### Exercise instructions
The answer must be the full listing, repeated exactly.

### Given records
= = = = =

Lemma half_dense_card_le (A P B : {set T}) d :
  (forall a, a \in A -> #|P :\: N a| * 2 < #|P|) ->
  (forall x, x \in P :\: B -> #|N x :&: A| <= d) -> 4 * #|B| <= #|P| -> #|A| <= 4 * d.
Proof.
move=> hA hP hB.
have [->|/set0Pn[a0 a0A]] := eqVneq A set0; first by rewrite cards0.
have P_gt0 : 0 < #|P| by have := hA a0 a0A; lia.
have lower : #|A| * #|P| <= 2 * \sum_(a in A) #|[set x in P | adj a x]|.
  rewrite big_distrr -sum_nat_const /=; apply: leq_sum => a aA.
  have -> : [set x in P | adj a x] = P :&: N a by apply/setP => x; rewrite !inE.
  by have := hA a aA; have := cardsID (N a) P; lia.
have upper : \sum_(x in P) #|[set a in A | adj a x]| <= #|P| * d + #|B| * #|A|.
  apply: leq_trans (_ : \sum_(x in P) (d + (x \in B) * #|A|) <= _).
    apply: leq_sum => x xP; case: (boolP (x \in B)) => xB.
      rewrite mul1n; apply: leq_trans (leq_addl _ _).
      by apply: subset_leq_card; apply/subsetP => a /setIdP[].
    have -> : [set a in A | adj a x] = N x :&: A.
      by apply/setP => a; rewrite !inE adj_sym andbC.
    by rewrite mul0n addn0; apply: hP; rewrite inE xB.
  rewrite big_split sum_nat_const -big_distrl /= -card_sep_sum leq_add2l leq_mul2r.
  by apply/orP; right; apply: subset_leq_card; apply/subsetP => x /setIdP[].
rewrite double_count in lower.
nia.
Qed.

Lemma far_transfer k m q p q' (Y : {set T}) : 0 < k -> adj q p -> adj p q' ->
  #|far (4 * k) (N q') Y| <= m -> 8 * k * t <= #|Y| ->
  4 * t * 4 ^ t <= #|N p| -> 2 * m + 4 * t <= #|N q'| ->
  #|far k (N q) Y| <= 5 * t * (4 * k) ^ t.
Proof.
move=> k_gt0 qp pq' hm hY hp hq'.
have pow4_gt0 : 0 < 4 ^ t by rewrite expn_gt0.
have pow4_le : 4 ^ t <= (4 * k) ^ t by rewrite leq_exp2r //; lia.
have hG : #|far 2 (N q) (N p)| < t * 4 ^ t.
  by apply: (far_small _ qp (subxx _)) => //; nia.
have hB : #|far 2 (N p) (N q')| < t * 4 ^ t.
  by apply: (far_small _ pq' (subxx _)) => //; nia.
have hF' : #|far k (N q) Y :\: far 2 (N q) (N p)| <= 4 * (t * (4 * k) ^ t).
  apply: (half_dense_card_le (P := N p) (B := far 2 (N p) (N q'))).
  - by move=> a /setDP[/setIdP[aq _]]; rewrite inE aq /= -ltnNge.
  - move=> x /setDP[xp]; rewrite inE xp /= -ltnNge => hx.
    apply: ltnW; apply: leq_ltn_trans (far_small_of_half_nbr k_gt0 hx hm _ hY); last lia.
    apply: subset_leq_card; apply/subsetP => a /setIP[ax /setDP[/setIdP[_ ha] _]].
    by rewrite inE ax.
  - nia.
have := cardsID (far 2 (N q) (N p)) (far k (N q) Y).
have := subset_leq_card (subsetIr (far k (N q) Y) (far 2 (N q) (N p))).
nia.
Qed.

= = = = =

### Answer to this problem
Lemma half_dense_card_le (A P B : {set T}) d :
  (forall a, a \in A -> #|P :\: N a| * 2 < #|P|) ->
  (forall x, x \in P :\: B -> #|N x :&: A| <= d) -> 4 * #|B| <= #|P| -> #|A| <= 4 * d.
Proof.
move=> hA hP hB.
have [->|/set0Pn[a0 a0A]] := eqVneq A set0; first by rewrite cards0.
have P_gt0 : 0 < #|P| by have := hA a0 a0A; lia.
have lower : #|A| * #|P| <= 2 * \sum_(a in A) #|[set x in P | adj a x]|.
  rewrite big_distrr -sum_nat_const /=; apply: leq_sum => a aA.
  have -> : [set x in P | adj a x] = P :&: N a by apply/setP => x; rewrite !inE.
  by have := hA a aA; have := cardsID (N a) P; lia.
have upper : \sum_(x in P) #|[set a in A | adj a x]| <= #|P| * d + #|B| * #|A|.
  apply: leq_trans (_ : \sum_(x in P) (d + (x \in B) * #|A|) <= _).
    apply: leq_sum => x xP; case: (boolP (x \in B)) => xB.
      rewrite mul1n; apply: leq_trans (leq_addl _ _).
      by apply: subset_leq_card; apply/subsetP => a /setIdP[].
    have -> : [set a in A | adj a x] = N x :&: A.
      by apply/setP => a; rewrite !inE adj_sym andbC.
    by rewrite mul0n addn0; apply: hP; rewrite inE xB.
  rewrite big_split sum_nat_const -big_distrl /= -card_sep_sum leq_add2l leq_mul2r.
  by apply/orP; right; apply: subset_leq_card; apply/subsetP => x /setIdP[].
rewrite double_count in lower.
nia.
Qed.

Lemma far_transfer k m q p q' (Y : {set T}) : 0 < k -> adj q p -> adj p q' ->
  #|far (4 * k) (N q') Y| <= m -> 8 * k * t <= #|Y| ->
  4 * t * 4 ^ t <= #|N p| -> 2 * m + 4 * t <= #|N q'| ->
  #|far k (N q) Y| <= 5 * t * (4 * k) ^ t.
Proof.
move=> k_gt0 qp pq' hm hY hp hq'.
have pow4_gt0 : 0 < 4 ^ t by rewrite expn_gt0.
have pow4_le : 4 ^ t <= (4 * k) ^ t by rewrite leq_exp2r //; lia.
have hG : #|far 2 (N q) (N p)| < t * 4 ^ t.
  by apply: (far_small _ qp (subxx _)) => //; nia.
have hB : #|far 2 (N p) (N q')| < t * 4 ^ t.
  by apply: (far_small _ pq' (subxx _)) => //; nia.
have hF' : #|far k (N q) Y :\: far 2 (N q) (N p)| <= 4 * (t * (4 * k) ^ t).
  apply: (half_dense_card_le (P := N p) (B := far 2 (N p) (N q'))).
  - by move=> a /setDP[/setIdP[aq _]]; rewrite inE aq /= -ltnNge.
  - move=> x /setDP[xp]; rewrite inE xp /= -ltnNge => hx.
    apply: ltnW; apply: leq_ltn_trans (far_small_of_half_nbr k_gt0 hx hm _ hY); last lia.
    apply: subset_leq_card; apply/subsetP => a /setIP[ax /setDP[/setIdP[_ ha] _]].
    by rewrite inE ax.
  - nia.
have := cardsID (far 2 (N q) (N p)) (far k (N q) Y).
have := subset_leq_card (subsetIr (far k (N q) Y) (far 2 (N q) (N p))).
nia.
Qed.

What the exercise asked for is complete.